One notably missing item, to me at least, was this baby sister we've been talking SO much about. But I didn't want to push it. Maybe they hadn't thought of it, or maybe they just didn't feel so grateful for her -- yet. But when I picked up Noah from Joy School on Thursday he proudly presented me with his art for the day.
It melted my heart a little. Oh, I know there's going to be times, some that are right around the corner and others that are years away, where situations may cause him to feel otherwise, but at the core of who this little boy is, I know he's thankful.
So am I.
It's been no secret that this pregnancy has not been my most favorite thing. In the beginning it left me unable to do much except survive. But I gained a little insight into what it must be like to have a chronic, debilitating illness and my empathy for others I know who are suffering grew. It's been frustrating, embarrassing and just outright maddening to deal with the worst acne I've EVER had for the past six weeks. Some days I haven't wanted to leave the house (so I didn't) because it's just so bad. I've avoided a few social situations and been a little more removed from life than I otherwise would have been. But I've tried to find some silver lining and realize that even this experience has enlarged my heart and given me an understanding for how others think and feel and act when going through a similar situation. I'd give just about anything for a magic wand to make it all disappear.
I'm grateful to be nearly finished with the seemingly forever process of growing this baby, and also thankful that this pregnancy didn't result in a miscarriage, like a few others have.

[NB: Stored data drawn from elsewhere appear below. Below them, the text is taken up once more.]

(* Let $\mathbf A\in\mathbb R^{2\times2}_{\rm sym}$ be positive definite with eigenvalues $a_1,a_2$, let $\delta:=\frac12\sqrt{\operatorname{tr}^2\log\mathbf A-4\det\log\mathbf A}=\frac12|\log a_1-\log a_2|$, and let $\theta(x):=\frac2{\sinh(2x)}-\frac1x$ for $x\ne0$, with $\frac{\theta(\delta)}{\delta}$ understood as $\lim_{x\to0}\frac{\theta(x)}x=-\frac23$ when $\delta=0$. Then for all $\mathbf X\in\mathbb R^{2\times2}$, writing $\mathbf L=\log\mathbf A$ and $\mathbf Z:=\mathbf L^2\mathbf X-2\mathbf L\mathbf X\mathbf L+\mathbf X\mathbf L^2$, $\lim_{s\to0}\frac{\log(\mathbf A+s\mathbf X)-\log\mathbf A}{s}=\frac12(\mathbf A^{-1}\mathbf X+\mathbf X\mathbf A^{-1})+\frac{\theta(\delta)}{8\delta}\big(\mathbf A^{-1}\mathbf Z+\mathbf Z\mathbf A^{-1}\big),$ where $\frac{d\log\mathbf A}{d\mathbf A}\mathbf X$ on the left is the Fréchet derivative of the matrix logarithm (extended linearly to nonsymmetric directions via the Daleckiĭ–Kreĭn formula).
   Context: $\log\mathbf A$ denotes the spectrally defined matrix logarithm of a symmetric positive definite matrix. For non-symmetric $\mathbf X$, the left-hand side is to be understood as $\frac{d\log\mathbf A}{d\mathbf A}\mathbf X:=\mathbf Q\big([F(a_i,a_j)]\odot(\mathbf Q^{\mathsf T}\mathbf X\mathbf Q)\big)\mathbf Q^{\mathsf T}$ where $\mathbf A=\mathbf Q\operatorname{diag}(a_1,a_2)\mathbf Q^{\mathsf T}$, $\odot$ is the entrywise product, $F(x,y)=\frac{\log x-\log y}{x-y}$ for $x\ne y$ and $F(x,x)=1/x$. *)

From HB Require Import structures.
From mathcomp Require Import all_boot all_order all_algebra.
From mathcomp Require Import all_classical all_reals all_analysis.
Set Implicit Arguments. Unset Strict Implicit. Unset Printing Implicit Defensive.
Import Order.TTheory GRing.Theory Num.Theory.
Import numFieldNormedType.Exports.
Local Open Scope ring_scope.

Section Defs.
Variable R : realType.

Definition spd (A : 'M[R]_2) : Prop :=
  A^T = A /\ forall v : 'cV[R]_2, v != 0 -> 0 < (v^T *m A *m v) 0 0.

Definition is_orth (Q : 'M[R]_2) : Prop := Q^T *m Q = 1%:M.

I'm thankful for friends who have been beyond excited about our little girl. Throughout my pregnancy little girl things have been dropped off on my porch by friends who just couldn't pass up the cuteness. At times when I still felt cautious, when I wasn't quite ready to believe completely that this would all work out, I hung onto the optimism of friends who just wanted to celebrate that things were good right now. It made such a huge difference. They will never know how much I appreciated such thoughtful acts.
I'm thankful that Nate and I celebrated our 9th anniversary last week. I think back to eight and nine years ago when we definitely did love each other, but comparing it to now, I feel like that love has grown exponentially. We truly are each others greatest support and confidants. Nothing makes me happier than to help him and our boys succeed, in whatever capacity I can. And I know that in parenting, relationships, and reaching personal goals, he's my partner and supporter in all of it.

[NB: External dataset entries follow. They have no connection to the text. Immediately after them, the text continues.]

Record dominated_graph (G : set (E * R)) : Prop := DominatedGraph {
  graph_functional : forall x r s, G (x, r) -> G (x, s) -> r = s;
  graph_add : forall x r y s, G (x, r) -> G (y, s) -> G (x + y, r + s);
  graph_scale : forall a x r, G (x, r) -> G (a *: x, a * r);
  graph_le1 : forall x r, G (x, r) -> W x -> r <= 1 }.

Definition adjoin_graph (G : set (E * R)) (y : E) (c : R) : set (E * R) :=
  [set p | exists m g t, G (m, g) /\ p = (m + t *: y, g + t * c)].

Hypothesis W_convex : convex_set W.
Hypothesis W_absorbing : forall y, exists2 t : R, 0 < t & W (t *: y).

Lemma dominated_graph_slope G m1 g1 m2 g2 y t s : dominated_graph G ->
  G (m1, g1) -> G (m2, g2) -> 0 < t -> 0 < s ->
  W (m1 + t *: y) -> W (m2 - s *: y) -> (g2 - 1) / s <= (1 - g1) / t.
Proof.
move=> [_ Gadd Gscale Gle1] G1 G2 t0 s0 W1 W2.
have st0 : 0 < s + t by rewrite addr_gt0.
pose l := s / (s + t).
have l0 : 0 <= l by rewrite divr_ge0 // ltW.
have l1 : l <= 1 by rewrite ler_pdivrMr // mul1r lerDl ltW.
have := convex_set_combination W_convex l0 l1 W1 W2.
have -> : l *: (m1 + t *: y) + (1 - l) *: (m2 - s *: y)
    = l *: m1 + (1 - l) *: m2.
  rewrite !scalerDr !scalerN !scalerA.
  have -> : (1 - l) * s = l * t by rewrite /l; field; rewrite lt0r_neq0.
  by rewrite addrACA subrr addr0.
move=> /(Gle1 _ _ (Gadd _ _ _ _ (Gscale l _ _ G1) (Gscale (1 - l) _ _ G2))).
have -> : l * g1 + (1 - l) * g2 = (s * g1 + t * g2) / (s + t).
  by rewrite /l; field; rewrite lt0r_neq0.
rewrite ler_pdivrMr // mul1r => g_le; rewrite -subr_ge0.
have -> : (1 - g1) / t - (g2 - 1) / s = ((s + t) - (s * g1 + t * g2)) / (s * t).
  by field; rewrite !lt0r_neq0.
by rewrite divr_ge0 ?subr_ge0 // ltW // mulr_gt0.
Qed.

Lemma dominated_graph_adjoin_bound G y : dominated_graph G -> G (0, 0) ->
  exists c, forall m g t, G (m, g) -> W (m + t *: y) -> g + t * c <= 1.
Proof.
(* [c] may be taken between the lower bounds [(g - 1) / s] and the upper
   bounds [(1 - g) / t], which [dominated_graph_slope] keeps apart. *)
move=> GP G00.
pose L := [set l | exists m g s,
  [/\ G (m, g), 0 < s, W (m - s *: y) & l = (g - 1) / s]].
have [s0 s0_gt0 Ws0] := W_absorbing (- y).
have [t0 t0_gt0 Wt0] := W_absorbing y.
have L_ub : ubound L ((1 - 0) / t0).
  move=> _ [m [g [s [Gmg s_gt0 Wm ->]]]].
  by apply: (dominated_graph_slope GP G00 Gmg t0_gt0 s_gt0 _ Wm); rewrite add0r.
have L_neq0 : L !=set0.
  by exists ((0 - 1) / s0), 0, 0, s0; rewrite sub0r -scalerN.
exists (sup L) => m g t Gmg; have [t_gt0|t_lt0|<-] := ltgtP 0 t => Wm.
- have : sup L <= (1 - g) / t.
    apply: ge_sup => // _ [m' [g' [s [Gmg' s_gt0 Wm' ->]]]].
    exact: (dominated_graph_slope GP Gmg Gmg' t_gt0 s_gt0 Wm Wm').
  by rewrite ler_pdivlMr // mulrC -lerBrDl.
- have Lg : L ((g - 1) / (- t)).
    by exists m, g, (- t); rewrite oppr_gt0 scaleNr opprK.
  have := sup_upper_bound (conj L_neq0 (ex_intro _ _ L_ub)) Lg.
  rewrite ler_pdivrMr ?oppr_gt0 // mulrN (mulrC (sup L)) => h; lra.
- by rewrite mul0r addr0; apply: (graph_le1 GP Gmg); rewrite scale0r addr0 in Wm.
Qed.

Our anniversary gifts to each other showed that over these nine years we've learned a bit about what's truly meaningful to each other. Nate came home from work with the most beautiful bouquet of fall flowers: roses and sunflowers and all kinds of other beauty in oranges and yellows. He found a card with the most perfect message for me and us. I, on the other hand, spent a good portion of the day cleaning out the garage so that after a couple of months of house construction our cars could both finally fit. Both of us were so grateful.

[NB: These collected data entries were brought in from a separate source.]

(* Expanding the two inner sums turns the right-hand side into
   sum_(p, q <= m) a_p b_q C(p, q) with an integer coefficient C(p, q); we show
   C(p, q) = [p + q = m].  Bitwise, T(n, k) = 1 iff k is a submask of n, and for
   k a submask of j the window j - k <= t <= j together with T(k, j - t) = 1 holds
   iff j = k lor t.  So the only j contributing is j = k lor p = k lor q, and
   C(p, q) = sigma_p sigma_q sum_k sigma_k over the k with p lxor q a submask of k,
   k lor p <= m and k land (m - k lor p) = 0.  Put c = p land q and
   e = m - k lor p.  Flipping the top bit of c \ e is a sign-reversing involution
   on the k with c not a submask of e.  The remaining k are exactly the k with
   p lxor q submask of k submask of m - 2c (provided 2c <= m and m - 2c is
   disjoint from c); a signed sum over such an interval of the Boolean lattice
   vanishes unless it is a single point, i.e. m - 2c = p lxor q, which means
   p + q = m, and then it is sigma_(p lxor q) = sigma_p sigma_q. *)

Definition flipbit (k i : nat) : nat := Nat.lxor k (Nat.pow 2 i).

Definition submask (k n : nat) : bool := Nat.ldiff k n == 0.

Local Hint Rewrite Nat.pow2_bits_eqb : bitwise.

Ltac bitwise_cases :=
  rewrite /flipbit; autorewrite with bitwise;
  repeat match goal with
  | |- context [Nat.eqb ?i ?j] => case: (Nat.eqb_spec i j) => [<-|_]
  | |- context [Nat.testbit ?a ?i] => case: (Nat.testbit a i)
  end; cbn; intros; try discriminate; try reflexivity; try congruence.

Lemma testbit_eq i {a b : nat} : a = b -> Nat.testbit a i = Nat.testbit b i.
Proof. by move=> ->. Qed.

Lemma addn_disjoint a b : Nat.land a b = 0 -> a + b = Nat.lor a b.
Proof. by move=> ab0; rewrite -Nat.lxor_lor // -Nat.add_nocarry_lxor. Qed.

Lemma subn_submask {a b : nat} : submask b a -> a - b = Nat.ldiff a b.
Proof. by move/eqP; apply: Nat.sub_nocarry_ldiff. Qed.

Lemma submask_leq {a b : nat} : submask b a -> b <= a.
Proof.
move/eqP=> ba0; have -> : b = Nat.land b a.
  by apply: Nat.bits_inj => x; move: (testbit_eq x ba0); bitwise_cases.
exact/leP/Nat.land_le_r.
Qed.

Lemma leq_lor a b : a <= Nat.lor a b.
Proof. by apply: submask_leq; apply/eqP/Nat.bits_inj => x; bitwise_cases. Qed.

Lemma flipbitK k i : flipbit (flipbit k i) i = k.
Proof. by apply: Nat.bits_inj => x; bitwise_cases. Qed.

Lemma testbit_ge n i : n <= i -> Nat.testbit n i = false.
Proof.
case: n => [|n] ni; first exact: Nat.bits_0.
by apply: Nat.bits_above_log2; have := Nat.log2_lt_lin n.+1; lia.
Qed.

Lemma popcount_widen n L : n <= L -> popcount n = \sum_(i < L) Nat.testbit n i.
Proof.
move=> nL; rewrite /popcount -(subnKC nL) big_split_ord /=.
by rewrite [X in _ + X]big1 ?addn0 // => i _; rewrite testbit_ge //; lia.
Qed.

Lemma popcount_disjointD a b :
  Nat.land a b = 0 -> popcount (a + b) = popcount a + popcount b.
Proof.
move=> ab0; rewrite !(popcount_widen _ (a + b)) ?leq_addr ?leq_addl //.
rewrite -big_split /= addn_disjoint //; apply: eq_bigr => i _.
by move: (testbit_eq i ab0); bitwise_cases.
Qed.

Lemma popcount_pow2 i : popcount (Nat.pow 2 i) = 1.
Proof.
have i_lt : i < Nat.pow 2 i by apply/ltP/Nat.pow_gt_lin_r.
rewrite (popcount_widen _ _ (leqnn _)) (bigD1 (Ordinal i_lt)) //= big1 => [|j ji].
  by rewrite Nat.pow2_bits_eqb Nat.eqb_refl.
rewrite Nat.pow2_bits_eqb; case: Nat.eqb_spec => // ij.
by rewrite -val_eqE /= -ij eqxx in ji.
Qed.

Lemma addn_ldiff_land a b : Nat.ldiff a b + Nat.land a b = a.
Proof.
rewrite addn_disjoint; last by apply: Nat.bits_inj => x; bitwise_cases.
by apply: Nat.bits_inj => x; bitwise_cases.
Qed.

Lemma addn_ldiff_lxor a b : Nat.ldiff a b + Nat.ldiff b a = Nat.lxor a b.
Proof.
rewrite addn_disjoint; last by apply: Nat.bits_inj => x; bitwise_cases.
by apply: Nat.bits_inj => x; bitwise_cases.
Qed.

Lemma addn_lxor_land p q : p + q = Nat.lxor p q + 2 * Nat.land p q.
Proof.
have := addn_ldiff_land p q; have := addn_ldiff_land q p.
by have := addn_ldiff_lxor p q; rewrite (Nat.land_comm q p); lia.
Qed.

Lemma popcount_lxor p q :
  popcount p + popcount q = popcount (Nat.lxor p q) + 2 * popcount (Nat.land p q).
Proof.
have disj a b : Nat.land (Nat.ldiff a b) (Nat.land a b) = 0.
  by apply: Nat.bits_inj => x; bitwise_cases.
have disj_xor : Nat.land (Nat.ldiff p q) (Nat.ldiff q p) = 0.
  by apply: Nat.bits_inj => x; bitwise_cases.
have := congr1 popcount (addn_ldiff_land p q).
have := congr1 popcount (addn_ldiff_land q p).
have := congr1 popcount (addn_ldiff_lxor p q).
rewrite !popcount_disjointD ?(Nat.land_comm q p) //; first lia.
by rewrite [Nat.land p q]Nat.land_comm.
Qed.

Lemma Tsier_addn k e : Tsier (k + e) k = (Nat.land k e == 0).
Proof. by rewrite /Tsier leq_addr addKn. Qed.

Lemma Tsier_submask n k : Tsier n k = submask k n.
Proof.
apply/andP/idP => [[kn /eqP disj] | kn].
  have -> : n = Nat.lor k (n - k) by rewrite -addn_disjoint // subnKC.
  by apply/eqP/Nat.bits_inj => x; bitwise_cases.
split; first exact: submask_leq.
by rewrite subn_submask //; apply/eqP/Nat.bits_inj => x; bitwise_cases.
Qed.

The bottom line: we are blessed. Being the mom of this little family is literally my dream come true. Spending the day with my kids is the best kind of work I could ever do. I'm grateful every day for the many opportunities we have to love each other, snuggle and learn together. Life certainly has its disappointments and heartaches, but I'm thankful that these are the people who will help me get through those moments and celebrate the goodness that also comes to us in abundance.